Datasette finally has an official project website!

datasette.io is the new home for Datasette. The site features news about the project, explains the problems that Datasette and its ecosystem of tools try to solve and gathers together a complete directory of plugins and tools for using with Datasette.

The site itself is built using Datasette - it’s actually a heavily themed installation of Datasette, making extensive use of the datasette-template-sql plugin and custom pages to implement the different sections of the site. The code for the site is available on GitHub at simonw/datasette.io.

I wrote more about how the site works in datasette.io, an official project website for Datasette.

Adding search to datasette.io

datasette.io also includes a search engine for the project.

It provides faceted search across:

  • Every section of the latest documentation (416 total)

  • 48 plugin READMEs

  • 22 tool READMEs

  • 64 news items posted on the Datasette website

  • 212 items from my blog

  • Release notes from 557 package releases

That’s 1,319 items total! The overall Datasette project continues to grow in all kinds of directions, so having a single search engine to tie it all together felt like a useful addition.

I built the search engine using Dogsheep Beta, the cross-table SQLite search engine I originally built for my Dogsheep Personal Analytics project.

You can read more about how the search engine works, including a breakdown of the YAML configuration used to create the unified search index, in Building a search engine for datasette.io.

sqlite-utils analyze-tables

I released sqlite-utils 3.1 with a useful feature for getting to grips with new data: the “sqlite-utils analyze-tables” command.

Run this against any SQLite database and it will spit out a summary of every column in every table, showing you common and least-common values, the number of distinct items and how many rows contain nulls or blanks.

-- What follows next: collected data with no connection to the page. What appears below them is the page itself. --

Lemma wqo_finite_basis (T : eqType) (R : T -> T -> Prop) : wqo R ->
  forall P : T -> Prop, exists A : seq T, (forall a, a \in A -> P a) /\
    (forall a, P a -> exists2 a', a' \in A & R a' a).
Proof.
move=> wqoR P; apply: NNPP => no_basis.
have [x0 Px0] : exists x, P x.
  apply: NNPP => no_P; apply: no_basis; exists [::]; split=> // a Pa.
  by case: no_P; exists a.
have /choice [nx nx_spec] : forall A : seq T, exists x,
    (forall a, a \in A -> P a) -> P x /\ forall a, a \in A -> ~ R a x.
  move=> A; case: (classic (forall a, a \in A -> P a)) => [AP|]; last by exists x0.
  apply: NNPP => no_x; apply: no_basis; exists A; split=> // a Pa.
  apply: NNPP => not_above; apply: no_x; exists a => _; split=> // a' a'A Ra'a.
  by apply: not_above; exists a'.
pose pre k := iter k (fun A => rcons A (nx A)) [::].
have pre_P k a : a \in pre k -> P a.
  elim: k a => [|k IH] a //=; rewrite mem_rcons in_cons => /orP [/eqP ->|/IH //].
  exact: (nx_spec _ IH).1.
have nx_pre i j : (i < j)%N -> nx (pre i) \in pre j.
  elim: j => [|j IH] //; rewrite ltnS leq_eqVlt /= mem_rcons in_cons.
  by case/orP => [/eqP ->|/IH ->]; rewrite ?eqxx ?orbT.
have [i [j [ij Rij]]] := wqoR (fun k => nx (pre k)).
exact: (nx_spec _ (pre_P j)).2 _ (nx_pre _ _ ij) Rij.
Qed.

Lemma vle_nil b : vle [::] b.
Proof. by exists id; split=> [i j /andP []|]. Qed.

Lemma vle_consr a b y : vle a b -> vle a (y :: b).
Proof.
move=> [phi [phi_inc phi_b]]; exists (succn \o phi); split=> [i j ij|i ia] /=.
  by rewrite ltnS phi_inc.
exact: phi_b.
Qed.

Lemma vle_cons a b x y : (x <= y)%N -> vle a b -> vle (x :: a) (y :: b).
Proof.
move=> xy [phi [phi_inc phi_b]].
exists (fun i => if i is i'.+1 then (phi i').+1 else 0); split.
  by case=> [|i] [|j] //=; rewrite !ltnS => ij; apply: phi_inc.
by case=> [|i] //= ia; apply: phi_b.
Qed.

Lemma vle_behead_r c y b (psi : nat -> nat) :
  (forall i j, (i < j < size c)%N -> (psi i < psi j)%N) ->
  (forall i, (i < size c)%N -> [/\ 0 < psi i, psi i < size (y :: b)
                                 & nth 0 c i <= nth 0 (y :: b) (psi i)]%N) ->
  vle c b.
Proof.
move=> psi_inc psi_b; exists (predn \o psi); split=> [i j ij|i ic] /=.
  have [ij' jc] := andP ij; have [pos_i _ _] := psi_b i (ltn_trans ij' jc).
  have := psi_inc _ _ ij; lia.
by have [] := psi_b i ic; case: (psi i).
Qed.
Lemma doch_bounded : exists2 B : R, 0 <= B & forall k i, `|x k i 0| <= B.
Proof.
pose C := beta^-1 * \sum_i \sum_j `|A i j|; pose B := \sum_i `|x0 i 0| + C + 1.
have C_ge0 : 0 <= C.
  by rewrite mulr_ge0 ?invr_ge0 ?(ltW beta_gt0) ?sumr_ge0 // => *; rewrite sumr_ge0.
have x0_ge0 : 0 <= \sum_i `|x0 i 0| by rewrite sumr_ge0.
have B1 : 1 <= B by rewrite /B; lra.
have CB : C <= B by rewrite /B; lra.
have B_ge0 : 0 <= B by exact: le_trans ler01 B1.
exists B => //; elim=> [|k IH] i.
  apply: (@le_trans _ _ (\sum_i `|x0 i 0|)); last by rewrite /B; lra.
  by rewrite (bigD1 i) //= lerDl sumr_ge0.
rewrite -(@ler_pXn2r _ 3) ?nnegrE // -normrX doch_cube.
apply: le_trans (ler_norm_sum _ _ _) _.
apply: (@le_trans _ _ (C * B)).
  apply: (@le_trans _ _ (\sum_j beta^-1 * `|A i j| * B)).
    apply: ler_sum => j _; rewrite mxE !normrM gtr0_norm ?invr_gt0 //.
    by rewrite ler_wpM2l ?mulr_ge0 ?invr_ge0 ?(ltW beta_gt0).
  rewrite -mulr_suml -mulr_sumr ler_wpM2r // ler_wpM2l ?invr_ge0 ?(ltW beta_gt0) //.
  by rewrite [X in _ <= X](bigD1 i) //= lerDl sumr_ge0 // => *; rewrite sumr_ge0.
apply: (le_trans (ler_wpM2r B_ge0 CB)).
by rewrite [B ^+ 3]exprS ler_wpM2l // expr2 ler_peMl.
Qed.

Hypothesis A_posdef : forall a, eigenvalue A a -> 0 < a.

Lemma doch_sqnorm_step_cvg0 : (fun k => sqnorm (x k.+1 - x k)^T) @ \oo --> 0.
Proof.
have [m m_gt0 mA] := posdef_lower_bound AT A_posdef.
have [B B_ge0 xB] := doch_bounded.
pose E k := quartic_energy A beta (x k).
pose Emin := - (2%:R^-1 * \sum_i \sum_j `|A i j| * B ^+ 2).
have descent k : m / 2%:R * sqnorm (x k.+1 - x k)^T <= E k - E k.+1.
  apply: le_trans (quartic_energy_descent AT beta_gt0 (doch_cube_scaled k)).
  by rewrite mulrAC [2%:R^-1 * _]mulrC ler_wpM2r ?invr_ge0 ?ler0n.
have telescope N : \sum_(k < N) m / 2%:R * sqnorm (x k.+1 - x k)^T <= E 0%N - E N.
  elim: N => [|N IH]; first by rewrite big_ord0 subrr.
  by rewrite big_ord_recr /=; have := descent N; lra.
have m2_gt0 : 0 < m / 2%:R by rewrite divr_gt0.
apply: (@nneg_series_bounded_cvg0 _ _ ((E 0%N - Emin) / (m / 2%:R))) => [k|N].
  exact: sqnorm_ge0.
rewrite ler_pdivlMr // mulrC mulr_sumr (le_trans (telescope N)) // lerB //.
exact: quartic_energy_ge.
Qed.

Lemma doch_step_cvg0 j : (fun k => x k.+1 j 0 - x k j 0) @ \oo --> 0.
Proof.
apply: cvg0_sqr_le doch_sqnorm_step_cvg0 => k.
by rewrite /sqnorm (bigD1 j) //= !mxE lerDl sumr_ge0 // => i _; exact: sqr_ge0.
Qed.

Lemma doch_residual_cvg0 :
  (fun k => residual_norm (beta^-1 *: A) (x k.+1)) @ \oo --> 0.
Proof.
pose a := beta^-1 *: A.
have bound k : 0 <= residual_norm a (x k.+1) <=
    \sum_i \sum_j `|a i j| * `|x k.+1 j 0 - x k j 0|.
  rewrite residual_norm_ge0 ler_sum // => i _.
  rewrite /cubic_residual doch_cube -sumrB (le_trans (ler_norm_sum _ _ _)) //.
  by apply: ler_sum => j _; rewrite -mulrBr normrM distrC.
apply: (@squeeze_cvgr _ _ _ _ (fun=> 0)
  (fun k => \sum_i \sum_j `|a i j| * `|x k.+1 j 0 - x k j 0|)).
- exact: nearW bound.
- exact: cvg_cst.
have lim0 : \sum_(i < n) \sum_(j < n) `|a i j| * `|0 : R| = 0.
  by rewrite big1 // => i _; rewrite big1 // => j _; rewrite normr0 mulr0.
rewrite -[X in _ --> X]lim0.
apply: cvg_sum => i; apply: cvg_sum => j; apply: cvgMl_tmp.
by apply: cvg_norm; exact: doch_step_cvg0.
Qed.

Lemma doch_coord_cvg j : exists z : R, (fun k => x k j 0) @ \oo --> z.
Proof.
have [B B_ge0 xB] := doch_bounded.
have [p p0 [K pK]] := coord_annihilator (beta^-1 *: A) B_ge0 j.
have [s [c c_gt0 cp]] := horner_lower_bound B p0.
have prod_small k : \prod_(z <- s) `|x k.+1 j 0 - z| <=
    K / c * residual_norm (beta^-1 *: A) (x k.+1).
  rewrite mulrAC ler_pdivlMr // mulrC (le_trans (cp _ (xB _ _))) //.
  by apply: pK => i; exact: xB.
have steps : (fun k => x k.+2 j 0 - x k.+1 j 0) @ \oo --> 0.
  by rewrite (cvg_shiftS (fun k => x k.+1 j 0 - x k j 0)); exact: doch_step_cvg0.
have near_roots e : 0 < e ->
    \forall k \near \oo, exists2 z, z \in s & `|x k.+1 j 0 - z| < e.
  move=> e_gt0; have Kres : (fun k => K / c * residual_norm (beta^-1 *: A) (x k.+1))
      @ \oo --> K / c * 0 by apply: cvgMl_tmp; exact: doch_residual_cvg0.
  rewrite mulr0 in Kres.
  apply: filterS ((cvgrPdist_lt _ _).1 Kres _ (exprn_gt0 (size s) e_gt0)) => k.
  rewrite sub0r normrN => small.
  apply: near_seq_of_prod_small => //; apply: le_lt_trans small.
  exact: le_trans (prod_small k) (ler_norm _).
have [z _ xz] := cvg_slow_near_seq steps near_roots.
by exists z; rewrite -(cvg_shiftS (fun k => x k j 0)).
Qed.

Lemma doch_cvg_fixed_point : exists2 l : 'cV[R]_n, x @ \oo --> l &
  forall i, beta * l i 0 ^+ 3 = \sum_j A i j * l j 0.
Proof.
have [lim xlim] := choice doch_coord_cvg.
exists (\col_j lim j) => [|i].
  by apply: cvg_mx_entries => i j; rewrite (ord1 j) mxE; exact: xlim.
have xlimS j : (fun k => x k.+1 j 0) @ \oo --> lim j.
  by rewrite (cvg_shiftS (fun k => x k j 0)); exact: xlim.
have lhs : (fun k => beta * x k.+1 i 0 ^+ 3) @ \oo --> beta * lim i ^+ 3.
  by apply: cvgMl_tmp; rewrite !exprS expr0 mulr1; do 2?apply: cvgM; exact: xlimS.
have rhs : (fun k => beta * x k.+1 i 0 ^+ 3) @ \oo --> \sum_j A i j * lim j.
  under eq_fun do rewrite doch_cube_scaled.
  by apply: cvg_sum => j; apply: cvgMl_tmp; exact: xlim.
rewrite mxE (cvg_unique (@Rhausdorff R) lhs rhs).
by apply: eq_bigr => j _; rewrite mxE.
Qed.

End doch_dynamics.

Theorem theoremS2 (R : realType) (n : nat) (J : 'M[R]_n) (alpha beta : R)
  (x0 : 'cV[R]_n) :
  J^T = J ->
  (forall i, J i i = 0) ->
  0 < alpha -> 0 < beta ->
  (forall a : R, eigenvalue (J + alpha%:M) a -> 0 < a) ->
  exists2 l : 'cV[R]_n,
    doch J alpha beta x0 @ \oo --> l & critical_point (Hfun J alpha beta) l.
Proof.
move=> JT _ _ beta_gt0 A_posdef.
have [l xl fixl] := doch_cvg_fixed_point x0 JT beta_gt0 A_posdef.
exists l => //; rewrite Hfun_quartic_energy.
exact: quartic_energy_critical (sym_add_scalar_mx alpha JT) fixl.
Qed.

The analyze-tables documentation has more. In addition to outputting the summary to the command-line you can add the “--save” option to store the generated summary in a SQLite table called _analyze_tables_ - which means you can then further examine it using Datasette.

Here’s an example of the output when running analyze-tables against a database created using my github-to-sqlite tool.

Office hours for 2021

Every Friday I run Datasette Office Hours sessions, where people who use Datasette (or who are interested in using it) can grab a 20 minute video chat with me to talk about the project. I’ve done a couple of weeks of these now and they’ve been fantastic - it’s so interesting hearing how people are using or plan-to-use the tool, and I’ve already had a bunch of great feedback to help me plan the next steps for the project.

If you’re interested in talking to me, slots in January 2021 are available now!

Datasette Office Hours, Personal Data Warehouses, datasette-ripgrep, datasette-indieauth, Datasette Client for Observable and more

Datasette Weekly(ish) volume 4

In this edition: book Datasette office hours, build a personal data warehouse, deploy a regular expression code search engine, plus updates on Datasette project releases from the past month.

Datasette Office Hours

One of the toughest things about running open source projects is the challenge of getting feedback: users often assume they are doing you a favor by leaving you alone, so generally you only hear from people if they find a bug.

I’m always really keen to talk to people who are using Datasette - or who aren’t using it yet, since I want to understand what it’s missing.

So I’m going to try a new approach: I’m setting aside time every Friday for Datasette Office Hours, where anyone can book a 20 minute Zoom call with me to talk about the project.

I’d love to hear from you if:

  • You’re solving problems with Datasette

  • You have a problem you think Datasette might be able to help with

  • You’ve run into problems using Datasette

  • You have thoughts on the direction you think the project should go

  • You’d like to see some demos of things I’m working on

  • You’re just interested in having a chat!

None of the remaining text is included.